When considering the frictional force between the round bars and the girder model, the ultimate longitudinal moments were reduced by 12% (on average) compared with those obtained by neglecting the frictional forces. If the frictional force of the round bar is not considered, the bending strength of the hull girder will be overestimated.

Residual strength tests of the damaged box girder structure whose damages were generated by dynamic mass impacts, which are rarely reported in the open literature, were successfully performed.

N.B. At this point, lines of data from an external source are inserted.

Inductive idx := i1 | i2.
Definition sum2 (f : idx -> R) : R := f i1 + f i2.

Definition pd (X : R -> R -> vec3) (i : idx) (u v : R) : vec3 :=
  match i with
  | i1 => dvec (fun u' => X u' v) u
  | i2 => dvec (fun v' => X u v') v
  end.

Definition dpart (i : idx) (f : R -> R -> R) (u v : R) : R :=
  match i with
  | i1 => Derive (fun u' => f u' v) u
  | i2 => Derive (fun v' => f u v') v
  end.

Definition gmet (X : R -> R -> vec3) (i j : idx) (u v : R) : R := dot (pd X i u v) (pd X j u v).
Definition detg (X : R -> R -> vec3) (u v : R) : R :=
  gmet X i1 i1 u v * gmet X i2 i2 u v - gmet X i1 i2 u v * gmet X i2 i1 u v.
Definition ginv (X : R -> R -> vec3) (k l : idx) (u v : R) : R :=
  match k, l with
  | i1, i1 => gmet X i2 i2 u v / detg X u v
  | i2, i2 => gmet X i1 i1 u v / detg X u v
  | i1, i2 => - gmet X i1 i2 u v / detg X u v
  | i2, i1 => - gmet X i2 i1 u v / detg X u v
  end.

(** Christoffel symbols of the Levi-Civita connection: nabla_{d_i} d_j = Gamma^k_ij d_k *)
Definition Gamma (X : R -> R -> vec3) (k i j : idx) (u v : R) : R :=
  / 2 * sum2 (fun l => ginv X k l u v *
     (dpart i (gmet X j l) u v + dpart j (gmet X i l) u v - dpart l (gmet X i j) u v)).

(** Riemann tensor, R(d_i,d_j)d_k = Riem^l_{ijk} d_l, with
    R(X,Y) = nabla_X nabla_Y - nabla_Y nabla_X - nabla_[X,Y] *)
Definition Riem (X : R -> R -> vec3) (l i j k : idx) (u v : R) : R :=
  dpart i (Gamma X l j k) u v - dpart j (Gamma X l i k) u v
  + sum2 (fun m => Gamma X m j k u v * Gamma X l i m u v - Gamma X m i k u v * Gamma X l j m u v).

(** * Curves in the surface, in coordinates c = (c^1, c^2), and vector fields
      along them given by their components V^k in the coordinate frame *)
Definition vfield := idx -> R -> R.

Definition ctangent (c : vfield) : vfield := fun i s => Derive (c i) s.

Definition covD (X : R -> R -> vec3) (c : vfield) (V : vfield) : vfield :=
  fun k s => Derive (V k) s +
    sum2 (fun i => sum2 (fun j =>
      Gamma X k i j (c i1 s) (c i2 s) * Derive (c i) s * V j s)).

Fixpoint covD_n (X : R -> R -> vec3) (c : vfield) (n : nat) (V : vfield) : vfield :=
  match n with O => V | S m => covD X c (covD_n X c m V) end.

Definition Rcurv (X : R -> R -> vec3) (c : vfield) (A B C : vfield) : vfield :=
  fun l s => sum2 (fun i => sum2 (fun j => sum2 (fun k =>
    Riem X l i j k (c i1 s) (c i2 s) * A i s * B j s * C k s))).

Definition triharmonic_on (X : R -> R -> vec3) (c : vfield) (a b : Rbar) : Prop :=
  let T := ctangent c in
  forall s, in_I a b s -> forall l : idx,
    covD_n X c 5 T l s + Rcurv X c (covD_n X c 3 T) T T l s
    - Rcurv X c (covD_n X c 2 T) (covD_n X c 1 T) T l s = 0.

Definition amb (X : R -> R -> vec3) (c : vfield) (V : vfield) (s : R) : vec3 :=
  vadd (vscal (V i1 s) (pd X i1 (c i1 s) (c i2 s)))
       (vscal (V i2 s) (pd X i2 (c i1 s) (c i2 s))).

(** unit normal of the surface; J w = nS x w is rotation by pi/2 in the tangent plane *)
Definition nS (X : R -> R -> vec3) (u v : R) : vec3 :=
  vscal (/ vnorm (cross (pd X i1 u v) (pd X i2 u v))) (cross (pd X i1 u v) (pd X i2 u v)).

Definition Jrot (X : R -> R -> vec3) (c : vfield) (w : vec3) (s : R) : vec3 :=
  cross (nS X (c i1 s) (c i2 s)) w.

(** the coordinate curve s |-> (s, 0), i.e. alpha inside S *)
Definition curve_s0 : vfield := fun i s => match i with i1 => s | i2 => 0 end.

From Stdlib Require Import Reals Lra ClassicalEpsilon.
From Coquelicot Require Import Coquelicot.
Open Scope R_scope.

(* Along the axis t = 0 of x(s,t) = alpha(s) + t N(s) the Frenet equations give the metric
   (1 - 2 t kappa + t^2 (kappa^2 + tau^2)) ds^2 + dt^2, whose coordinate frame is orthonormal on
   the axis. So alpha has geodesic curvature kappa in S, the Gauss curvature of S along alpha is
   -tau^2, and the components of the triharmonic equation along T and J T are
     -10 kappa' kappa'' - 5 kappa kappa''' + 10 kappa^3 kappa'   and
     kappa'''' - 15 kappa kappa'^2 - 10 kappa^2 kappa'' + kappa^5 - tau^2 (kappa'' - 2 kappa^3).
   The second vanishes by hypothesis. The first is -(kappa/2) rho' - kappa' rho with
   rho = 10 kappa'' - 2 c1 / kappa^2 - 4 kappa^3. Differentiating the first integral gives
   kappa' rho = 0; where rho <> 0, kappa and hence rho are locally constant, so on the connected
   interval rho is either a nonzero constant, forcing kappa to be constant, or identically 0. *)

(** * Calculus on an open interval *)

Ltac eta_Derive :=
  repeat match goal with |- context [Derive (fun x => ?f x)] => change (fun x => f x) with f end.

Lemma Derive_n_succ (f : R -> R) n : Derive (Derive_n f n) = Derive_n f (S n).
Proof. reflexivity. Qed.

Section Interval.

Variables a b : Rbar.

Lemma in_I_locally s : in_I a b s -> locally s (in_I a b).
Proof.
  intros [Has Hsb].
  exact (filter_and _ _ (open_Rbar_gt a s Has) (open_Rbar_lt b s Hsb)).
Qed.

Lemma in_I_between x y z : in_I a b x -> in_I a b z -> x <= y <= z -> in_I a b y.
Proof.
  intros [Hax _] [_ Hzb] [Hxy Hyz]; split.
  - apply Rbar_lt_le_trans with x; [exact Hax | exact Hxy].
  - apply Rbar_le_lt_trans with z; [exact Hyz | exact Hzb].
Qed.

Lemma locally_on_I (P : R -> Prop) s :
  (forall t, in_I a b t -> P t) -> in_I a b s -> locally s P.
Proof. intros HP Hs. exact (filter_imp _ _ HP (in_I_locally s Hs)). Qed.

Lemma Derive_on_I f g s :
  (forall t, in_I a b t -> f t = g t) -> in_I a b s -> Derive f s = Derive g s.
Proof. intros Hfg Hs. apply Derive_ext_loc, (locally_on_I _ s Hfg Hs). Qed.

Lemma Derive_const_on_I f c s :
  (forall t, in_I a b t -> f t = c) -> in_I a b s -> Derive f s = 0.
Proof. intros Hf Hs. rewrite (Derive_on_I f (fun _ => c)); auto. apply Derive_const. Qed.

Lemma is_derive_0_const (f : R -> R) :
  (forall s, in_I a b s -> is_derive f s 0) ->
  forall x y, in_I a b x -> in_I a b y -> f x = f y.
Proof.
  intros Hf x y Hx Hy.
  assert (Hseg : forall t, Rmin x y <= t <= Rmax x y -> in_I a b t).
  { intros t Ht. unfold Rmin, Rmax in Ht.
    destruct (Rle_dec x y); [apply (in_I_between x t y) | apply (in_I_between y t x)]; auto. }
  destruct (MVT_gen f x y (fun _ => 0)) as [c [_ Hc]].
  - intros t Ht. apply Hf, Hseg. lra.
  - intros t Ht. apply continuity_pt_filterlim.
    exact (ex_derive_continuous f t (ex_intro _ 0 (Hf t (Hseg t Ht)))).
  - lra.
Qed.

In particular, the results of the collision tests include the initial plastic deformation and residual stress caused by the dynamic impact, unlike the experiments conducted by other researchers [24,25,26]. Thus, the test results of this study can be valuable to researchers for the validation of numerical techniques and analytical methods to develop design guidelines.

From the outcomes of these experimental and numerical investigations, the following recommendations are provided:

-

The numerical analysis technique adopted in this study can be a reference for future simulations predicting the collision damage and residual bending strength;

-

When performing longitudinal bending tests, it is necessary to experimentally obtain frictional forces between the test model and the supports.